- Born: Eugene Baah 26 July 1982 (age 44) Accra, Ghana
- Genres: hip life / Afropop
- Years active: 2000–present
- Label: Blueroze Entertainment
- Spouse: Beverly Afaglo

= Choirmaster (musician) =

Ghanaian musician (born 1982)

Eugene Baah, better known by his stage name Choirmaster (born 26 July 1982) is a Ghanaian hip life/afropop singer-songwriter, record producer and entrepreneur. He became widely known as the leader of the defunct hiplife group Praye before going solo. He has earned numerous awards and additional nominations.

==Career==
He joined forces with two other acts, Steven Fiawoo (Praye Tietia) and Nana Kwame (Praye Tenten) to form the music trio, Praye.

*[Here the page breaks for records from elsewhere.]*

Definition approx_code (U V : nat -> set R) (k : nat) : code :=
  (k, mkseq (fun n => inner_approx (U n) k) k.+1,
      mkseq (fun m => inner_approx (V m) k) k.+1).

Lemma approx_code_in (U V : nat -> set R) (n : nat) (x : R) :
  (forall m, open (V m)) -> (forall m, V m x) -> ~ U n x ->
  \forall k \near \oo, code_set (approx_code U V k) x.
Proof.
move=> oV Vx nUx.
have : \forall k \near \oo,
    forall m : 'I_n, rat_itv_union (inner_approx (V m) k) x.
  by apply: filter_forall => m; exact: inner_approx_eventually.
apply: filterS2 (nbhs_infty_ge n) => k nk Vkx; exists n.
rewrite !nth_mkseq ?ltnS //; split=> // [/inner_approx_sub //|m mn].
have mk : m < k.+1 by rewrite ltnS (leq_trans (ltnW mn)).
by rewrite nth_mkseq //; exact: Vkx (Ordinal mn).
Qed.

Lemma approx_code_out (U V : nat -> set R) (m : nat) (x : R) :
  (forall n, open (U n)) -> (forall n, U n x) -> ~ V m x ->
  \forall k \near \oo, ~ code_set (approx_code U V k) x.
Proof.
move=> oU Ux nVx.
have : \forall k \near \oo,
    forall n : 'I_m.+1, rat_itv_union (inner_approx (U n) k) x.
  by apply: filter_forall => n; exact: inner_approx_eventually.
apply: filterS => k Ukx [n [nk]]; rewrite !nth_mkseq ?ltnS // => nUkx Vkx.
have [nm | mn] := leqP n m; first by apply: nUkx; exact: (Ukx (Ordinal _)).
have mk : m < k.+1 by rewrite ltnS (leq_trans (ltnW mn)).
by move: (Vkx m mn); rewrite nth_mkseq // => /inner_approx_sub /nVx.
Qed.

End Codes.

Section QsetSeparable.
Variable R : realType.

Lemma Qset_approx (X Y : set R) : Qset X -> Y `<=` X ->
  exists c : nat -> code,
    forall x, X x -> \forall k \near \oo, code_set (c k) x <-> Y x.
Proof.
move=> QX YX; have [V [oV eV]] := QX Y YX.
have [U [oU eU]] := QX (X `\` Y) (@subDsetl _ X Y).
exists (approx_code U V) => x Xx; have [Yx | nYx] := pselect (Y x).
  have [n nUx] : exists n, ~ U n x.
    apply/existsNP => Ux; have : (X `&` \bigcap_n U n) x by split=> // n _.
    by rewrite -eU => -[].
  have Vx m : V m x by move: Yx; rewrite eV => -[_]; exact.
  by apply: filterS (approx_code_in oV Vx nUx) => k.
have [m nVx] : exists m, ~ V m x.
  by apply/existsNP => Vx; apply: nYx; rewrite eV; split=> // m _.
have Ux n : U n x by have : (X `\` Y) x by []; rewrite eU => -[_]; exact.
by apply: filterS (approx_code_out oU Ux nVx) => k.
Qed.

Definition code_indicator (I : Type) (e : I -> R) (c : code) : I -> bool :=
  fun i => `[< code_set c (e i) >].

Lemma Qset_code_indicator_dense (I : Type) (e : I -> R) (X : set R) :
  Qset X -> injective e -> range e `<=` X ->
  seq_dense (range (code_indicator e) : set {ptws I -> bool}).
Proof.
move=> QX einj eX z; pose Y := e @` [set i | z i].
have YX : Y `<=` X by move=> _ [i _ <-]; exact/eX/imageT.
have [c cY] := Qset_approx QX YX.
exists (fun k => code_indicator e (c k)); split=> [k|]; first by exists (c k).
apply/ptws_discrete_cvgP => i.
apply: filterS (cY _ (eX _ (imageT e i))) => k ckY.
have Yz : Y (e i) <-> z i by split=> [[j zj /einj <-] | zi]; last exists i.
by apply/idP/idP => [/asboolP/ckY/Yz | /Yz/ckY/asboolP].
Qed.

End QsetSeparable.

Lemma not_le_star_often (f g : nat -> nat) :
  ~ le_star f g -> forall N, exists2 n, N <= n & g n < f n.
Proof.
move=> nfg N; apply/not_exists2P => fg; apply: nfg; exists N => n Nn.
by case: (fg n) => [/(_ Nn) // | /negP]; rewrite -leqNgt.
Qed.

Lemma finite_nat_bounded (A : set nat) : finite_set A ->
  exists M, forall m, A m -> m <= M.
Proof.
move=> /finite_seqP [s ->]; exists (\max_(m <- s) m) => m ms.
exact: leq_bigmax_seq ms _.
Qed.

Lemma finite_set_bounded_witness (T : Type) (A : set T) (P : T -> nat -> Prop) :
  finite_set A -> (forall a, A a -> exists m, P a m) ->
  exists M, forall a, A a -> exists2 m, m <= M & P a m.
Proof.
move=> finA AP; have /choice [g Pg] : forall a, exists m, A a -> P a m.
  by move=> a; have [/AP [m Pm] | nAa] := pselect (A a); [exists m | exists 0].
have [M gM] := finite_nat_bounded (finite_image g finA).
by exists M => a Aa; exists (g a); [apply: gM; exists a | exact: Pg].
Qed.

Lemma range_set_val (T : Type) (A : set T) : range (val : A -> T) = A.
Proof.
apply/seteqP; split=> [_ [a _ <-] | t At]; first exact/set_mem/valP.
by exists (exist _ t (mem_set At)).
Qed.

Section Truncation.
Variables (I : Type) (phi : I -> nat -> nat).
Hypothesis phi_unbounded : unbounded_family (range phi).

Lemma unbounded_not_le_star (g : nat -> nat) : exists i, ~ le_star (phi i) g.
Proof.
apply/existsNP => le_phi; apply: phi_unbounded; exists g => _ [i _ <-].
exact: le_phi.
Qed.

Lemma unbounded_coordinate : exists n0, forall m, exists i, m <= phi i n0.
Proof.
apply: contrapT => /forallNP bounded.
have {}bounded n : exists m, forall i, phi i n < m.
  have /existsNP [m /forallNP nm] := bounded n; exists m => i.
  by rewrite ltnNge; apply/negP; exact: nm.
have [g phi_g] := choice bounded; have [i] := unbounded_not_le_star g.
by apply; exists 0 => n _; exact/ltnW/phi_g.
Qed.

Definition truncate (N m : nat) (d : I -> bool) : I -> bool :=
  fun i => d i && (\max_(j < N.+1) phi i j < m).

Lemma truncate_eventually (N : nat) (i : I) :
  \forall m \near \oo, forall d, truncate N m d i = d i.
Proof.
apply: filterS (nbhs_infty_gt (\max_(j < N.+1) phi i j)) => m mi d.
by rewrite /truncate mi andbT.
Qed.

Lemma truncate_false (N m j : nat) (d : I -> bool) (i : I) :
  j <= N -> m <= phi i j -> truncate N m d i = false.
Proof.
rewrite -ltnS => jN mi; rewrite /truncate ltnNge.
have := @leq_bigmax _ (fun j : 'I_N.+1 => phi i j) (Ordinal jN).
by move=> /(leq_trans mi) ->; rewrite andbF.
Qed.

Definition truncations (N : nat) (D : set (I -> bool)) : set (I -> bool) :=
  [set h | exists m d, D d /\ h = truncate N m d].

Lemma seq_dense_truncations (N : nat) (D : set {ptws I -> bool}) :
  seq_dense D -> seq_dense (truncations N D : set {ptws I -> bool}).
Proof.
move=> dD z; have [u [Du uz]] := dD z.
exists (fun k => truncate N k (u k)); split=> [k|]; first by exists k, (u k).
apply/ptws_discrete_cvgP => i; have /ptws_discrete_cvgP/(_ i) := uz.
by rewrite !near_map; apply: filterS2 (truncate_eventually N i) => k ->.
Qed.

Section TruncatedSequences.
Variables (n0 : nat) (u : nat -> I -> bool) (lvl bnd : nat -> nat).
Hypothesis n0_unbounded : forall m, exists i, m <= phi i n0.
Hypothesis u_truncated : forall k i j,
  j <= lvl k + n0 -> bnd (lvl k) <= phi i j -> u k i = false.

Their first taste of success came when they won the maiden edition of the Nescafe African Revelation. The group went on to win some prominent awards including the Best Group in West Africa at the Kora Awards in 2005.
But the family of Praye died when after ten years, the group split to pursue solo interests and that split birthed a new artiste, Choirmaster.

His debut song, "Ghana's Most Beautiful", became the theme song of a popular beauty pageant show, TV3 Ghana's Most Beautiful, which gave him the recognition he needed to rebrand his career as a solo artiste. Some of his known songs are "Pull Him Down" which was nominated for Best Hiplife Video of the Year during THE 2014 4Syte Music Video Awards, "Obsession", "Last Born" ft Black Rasta.

==Personal life==
Choirmaster was married to Ghanaian actress Beverly Afaglo who passed away on the 24th of May, 2026.